Los enanos y los feriantes dispusieron la carpa del escenario para la boda mientras Doopy supervisaba las operaciones y los importunaba quejándose de que no era «lo bastante bonita». Pero lo dejaron tan bonita como pudieron con tan poca antelación y Goshy parecía satisfecho con el resultado. Había adquirido un traje en alguna parte y su hermano lo había llevado por toda la carpa, pidiéndole su opinión sobre esto y aquello. No estaba disgustado, eso era lo único de lo que todos estaban seguros.

Doopy nunca había visto a la novia tan radiante. Había conseguido que Goshy saliera de la habitación y lo había convencido para que se quedase mirando por la ventana del salón durante veinte minutos mientras él la acicalaba. Le había puesto oropeles, bombillas y luces de Navidad.

A media tarde se habían reunido todos. Kurt, fiel a su palabra, había llevado al sacerdote, que estaba ante las sillas de plástico con los ojos desorbitados por el terror. Sostenía los votos matrimoniales con una mano temblorosa. La novia de Goshy estaba delante de él en una maceta encima de una mesa; sus hojas verdes amarillentas se mecían suavemente.

Consiguieron que Goshy entrara en la carpa, contoneándose con su traje como una especie de pingüino mutante. Habían encontrado a varias damas de honor entre las gitanas, y estas estaban esperando como todos los demás, contemplando hoscamente a la planta y a Goshy con silenciosa repulsión. Todos los que habían podido habían declinado la invitación a la boda y desde luego no se veía a los acróbatas por ninguna parte. Niñopez, Gonko, Croqueta, Yeti y Kurt Pilo eran los únicos invitados que habían asistido voluntariamente.

Bajo el escrutinio atento y afectuoso de Kurt, el sacerdote (que se había separado de sus dos incisivos) empezó a leer los votos. A juzgar por la expresión de su cara se estaba aferrando al último hilo de esperanza de despertar de aquella pesadilla. Le temblaba la voz cuando empezó.

—Queridos hermanos, nos hemos reunido aquí hoy… ah, para presenciar la unión, ah… entre…

Se estremeció y miró a todos los presentes. Kurt le puso una mano suavemente en el hombro, como para darle apoyo moral. El sacerdote dio un respingo, cerró los ojos y continuó dificultosamente.

—Para presenciar la unión entre, ah, Gosh… ¿Goshy? Y… —Doopy se acercó apresuradamente y le susurró algo al oído—. Y esta athyrium filix-femina. Eh, la importancia del amor está… presente en todas las enseñanzas de Dios… y, ah… —El sacerdote se tambaleó, a punto de desmayarse. Kurt le susurró algo al otro oído, a todas luces instándolo a que fuese al grano—. Si alguno de los presentes tiene alguna objeción… a que estos dos se casen, que hable ahora o que calle para siempre.

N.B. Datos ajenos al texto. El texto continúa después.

(* Let $f$ be a $C^1$ expanding map of $\mathbf{S}^1$ and $m\ge0$. Denote by $\operatorname{Leb}_N$ the uniform probability measure on $E_N$. Then, as $N\to+\infty$, the measures $((f_N)_* )^m(\operatorname{Leb}_N)$ converge in the weak-* topology to the probability measure on $\mathbf{S}^1$ with density $\mathcal L_f^m1$ with respect to Lebesgue measure, where $1$ is the constant function equal to $1$.
   Context: $\mathbf{S}^1=\mathbf{R}/\mathbf{Z}$; a $C^1$ expanding map is a $C^1$ map $f:\mathbf{S}^1\to\mathbf{S}^1$ with $f'(x)>1$ for every $x$ (for the map $\mathcal D^1$ convention, $f'\ge1$). $E_N=\{i/N:1\le i\le N\}$, $P_N$ sends $x$ to a closest point of $E_N$, $f_N=P_N\circ f|_{E_N}$, and $(f_N)_*$ denotes push-forward of measures by $f_N$. $\mathcal L_f\phi(y)=\sum_{x\in f^{-1}(y)}\phi(x)/f'(x)$ is the transfer operator. *)

From HB Require Import structures.
From mathcomp Require Import all_boot all_order all_algebra.
From mathcomp Require Import all_classical all_reals all_analysis.
Set Implicit Arguments. Unset Strict Implicit. Unset Printing Implicit Defensive.
Import Order.TTheory GRing.Theory Num.Theory.
Import numFieldNormedType.Exports.
Local Open Scope classical_set_scope.
Local Open Scope ring_scope.

(* The circle S^1 = R/Z is modelled by R; functions on S^1 are 1-periodic
   functions R -> R; a map f : S^1 -> S^1 is given by a lift F : R -> R with
   F (x + 1) = F x + d for an integer d (the degree). *)

Definition is_lift (R : realType) (F : R -> R) : Prop :=
  exists d : int, forall x : R, F (x + 1) = F x + d%:~R.

Definition C1_expanding (R : realType) (F : R -> R) : Prop :=
  [/\ is_lift F,
      (forall x : R, derivable F x 1),
      continuous (derive1 F) &
      (forall x : R, 1 < derive1 F x)].

Definition periodic1 (R : realType) (phi : R -> R) : Prop :=
  forall x : R, phi (x + 1) = phi x.

Definition cdist (R : realType) (x y : R) : R :=
  Num.min ((x - y) - (Num.floor (x - y))%:~R) ((Num.ceil (x - y))%:~R - (x - y)).

Definition preim (R : realType) (F : R -> R) (y : R) : set R :=
  [set x | 0 <= x < 1 /\ exists k : int, F x = y + k%:~R].

Definition transfer (R : realType) (F : R -> R) (phi : R -> R) (y : R) : R :=
  \sum_(x \in preim F y) phi x / derive1 F x.

(* P is a closest-point projection onto E_N: P N x is an index j < N such that
   j/N (the point j/N of E_N, with 0/N identified with N/N) is a closest point
   of E_N to x on the circle. *)
Definition closest_proj (R : realType) (P : nat -> R -> nat) : Prop :=
  forall (N : nat) (x : R), (0 < N)%N ->
    (P N x < N)%N /\
    forall j : nat, (j < N)%N ->
      cdist x ((P N x)%:R / N%:R) <= cdist x (j%:R / N%:R).

Definition discr (R : realType) (F : R -> R) (P : nat -> R -> nat) (N : nat)
  (i : nat) : nat := P N (F (i%:R / N%:R)).

(* Induction on m, for all continuous 1-periodic test functions phi at once.
   For m = 0 the averages are Riemann sums of phi.  Since f_N = P_N o f and P_N
   moves points by less than 1/N, uniform continuity makes the average of phi
   along m+1 steps of f_N asymptotic to the average of phi o f along m steps,
   which by induction tends to the integral of (phi o f) L^m 1.  The duality
   int phi (L g) = int (phi o f) g, obtained by the substitution x = f^-1(y + j)
   on each of the d inverse branches of a lift of degree d, identifies this
   limit with the integral of phi L^(m+1) 1. *)

From Pilot Require Import Defs.
From HB Require Import structures.
From mathcomp Require Import all_boot all_order all_algebra.
From mathcomp Require Import all_classical all_reals all_analysis.
From mathcomp Require Import ring lra zify.
Set Implicit Arguments. Unset Strict Implicit. Unset Printing Implicit Defensive.
Import Order.TTheory GRing.Theory Num.Theory.
Import numFieldNormedType.Exports.
Local Open Scope classical_set_scope.
Local Open Scope ring_scope.

Section Circle.
Variable R : realType.
Implicit Types x y z : R.

Lemma cdist_le_norm x y (k : int) : cdist x y <= `|x - y - k%:~R|.
Proof.
rewrite /cdist; set z := x - y.
have [kz|zk] := leP k%:~R z.
  rewrite ger0_norm ?subr_ge0 // ge_min; apply/orP; left.
  have : k <= Num.floor z by rewrite floor_ge_int.
  by rewrite -(ler_int R) => H; lra.
rewrite ltr0_norm ?subr_lt0 // ge_min; apply/orP; right.
have : Num.ceil z <= k by rewrite ceil_le_int ltW.
by rewrite -(ler_int R) => H; lra.
Qed.

Lemma cdist_attained x y : exists k : int, `|x - y - k%:~R| <= cdist x y.
Proof.
rewrite /cdist; set z := x - y.
have [H|H] := leP (z - (Num.floor z)%:~R) ((Num.ceil z)%:~R - z).
  by exists (Num.floor z); rewrite ger0_norm // subr_ge0 floor_le.
by exists (Num.ceil z); rewrite ler0_norm ?opprB // ?subr_le0 ?ceil_ge.
Qed.

Definition frac z : R := z - (Num.floor z)%:~R.

Lemma frac_ge0 z : 0 <= frac z.
Proof. by rewrite /frac subr_ge0 floor_le. Qed.

Lemma frac_lt1 z : frac z < 1.
Proof. by have := floorD1_gt z; rewrite /frac intrD => h; lra. Qed.

Lemma fracE z : frac z = z + (- Num.floor z)%:~R.
Proof. by rewrite /frac mulrNz. Qed.

Lemma periodic1_addn (phi : R -> R) : periodic1 phi ->
  forall x (n : nat), phi (x + n%:R) = phi x.
Proof.
move=> hp x; elim=> [|n IH]; first by rewrite addr0.
by rewrite -natr1 addrA hp.
Qed.

Lemma periodic1_addz (phi : R -> R) : periodic1 phi ->
  forall x (k : int), phi (x + k%:~R) = phi x.
Proof.
move=> hp x [n|n] /=; first exact: periodic1_addn.
by rewrite NegzE mulrNz -[in RHS](subrK n.+1%:R x) periodic1_addn.
Qed.

Lemma lift_addz (g : R -> R) (c : R) : (forall x, g (x + 1) = g x + c) ->
  forall x (k : int), g (x + k%:~R) = g x + k%:~R * c.
Proof.
move=> hg x k.
have gper : periodic1 (fun x => g x - x * c) by move=> t; rewrite hg; ring.
have := periodic1_addz gper x k => H.
by rewrite -[g (x + _)](subrK ((x + k%:~R) * c)) H; ring.
Qed.

Lemma compact_unif_continuous (psi : R -> R) (K : set R) :
  compact K -> continuous psi ->
  forall e, 0 < e -> exists2 dl, 0 < dl &
    forall x y, K x -> `|x - y| < dl -> `|psi x - psi y| < e.
Proof.
move=> cK cpsi e e0.
pose close dl x := forall y, `|x - y| < dl -> `|psi x - psi y| < e.
have Kclose : \forall dl \near (0:R)^'+, K `<=` close dl.
  apply: (compact_near_coveringP K).1 => // x _.
  have e20 : 0 < e / 2 by rewrite divr_gt0.
  have /cvgr_dist_lt/(_ _ e20) := cpsi x.
  rewrite /= nearE => -[r /= r0 Hr].
  have r20 : 0 < r / 2 by rewrite divr_gt0.
  exists (ball x (r / 2), [set d : R | d < r / 2]) => /=.
    split; first exact: nbhsx_ballx.
    exists (r / 2) => // d /=; rewrite sub0r normrN => hd _.
    exact: le_lt_trans (ler_norm d) hd.
  move=> [x' d] /= [xx' hd] y x'y; move: xx'; rewrite /ball /= => xx'.
  have h1 : `|psi x - psi x'| < e / 2.
    by apply: Hr; apply: lt_trans xx' _; rewrite ltr_pdivrMr // ltr_pMr // ltr1n.
  have h2 : `|psi x - psi y| < e / 2.
    by apply: Hr; rewrite /ball_ /=; have := ler_distD x' x y; lra.
  by have := ler_distD (psi x) (psi x') (psi y); rewrite (distrC (psi x') (psi x)); lra.
near (0:R)^'+ => dl.
exists dl; first by near: dl; exact: nbhs_right_gt.
have Kdl : K `<=` close dl by near: dl.
by move=> x y /Kdl; apply.
Unshelve. all: by end_near.
Qed.

Lemma periodic1_unif_continuous (psi : R -> R) : continuous psi -> periodic1 psi ->
  forall e, 0 < e -> exists2 dl, 0 < dl &
    forall x y, `|x - y| < dl -> `|psi x - psi y| < e.
Proof.
move=> cpsi ppsi e e0.
have [dl dl0 hdl] := compact_unif_continuous (@segment_compact _ 0 1) cpsi e0.
exists dl => // x y xy; set k := - Num.floor x.
rewrite -(periodic1_addz ppsi x k) -(periodic1_addz ppsi y k).
apply: hdl; last by rewrite opprD addrACA subrr addr0.
by rewrite /= in_itv /= -fracE frac_ge0 ltW ?frac_lt1.
Qed.

Lemma preim_add1 (F : R -> R) y : Defs.preim F (y + 1) = Defs.preim F y.
Proof.
rewrite eqEsubset; split => x [x01 [k Fx]]; split => //.
  by exists (k + 1); rewrite Fx intrD; ring.
by exists (k - 1); rewrite Fx intrD mulrNz; ring.
Qed.

Lemma transfer_periodic (F g : R -> R) : periodic1 (transfer F g).
Proof. by move=> y; rewrite /transfer preim_add1. Qed.

End Circle.

Section Integration.
Variable R : realType.
Local Notation mu := (@lebesgue_measure R).

Lemma is_derive1_continuous (V : R -> R) x d :
  is_derive x (1:R) V d -> {for x, continuous V}.
Proof. by case=> /derivable1_diffP /differentiable_continuous. Qed.

Lemma is_derive_shift (V : R -> R) (c x d : R) : is_derive (x + c) (1:R) V d ->
  is_derive x (1:R) (fun y => V (y + c)) d.
Proof.
move=> hV; have hc : is_derive x (1:R) (fun y : R => y + c) (1 + 0) by exact: is_deriveD.
by have := is_derive1_comp (f := V) (g := fun y => y + c) hV hc; rewrite addr0 mulr1.
Qed.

El silencio fue lo más estruendoso que J. J. había oído jamás.

—Yo os declaro… —dijo el sacerdote—, ay, que Dios nos ayude.

Kurt entrechocó las pezuñas en un caluroso aplauso. El resto de la concurrencia lo imitó gradualmente. Doopy le dio un codazo a Goshy en las costillas. Goshy había parecido confuso y sobresaltado durante toda la ceremonia, con los brazos apretados a ambos lados del cuerpo y los ojos desorbitados. Cuando se extinguió el aplauso todos se llevaron las manos a los oídos; un estridente ataque sónico salió disparado de la boca de Goshy, una nota que no resonó más que un segundo, hiriendo los oídos de todos los presentes como una bala.

—¿Qué significa eso? —preguntó Rufshod cuando los payasos se quitaron las manos de los oídos.

—Me parece que significa que está contento —contestó Gonko—, pero es una suposición.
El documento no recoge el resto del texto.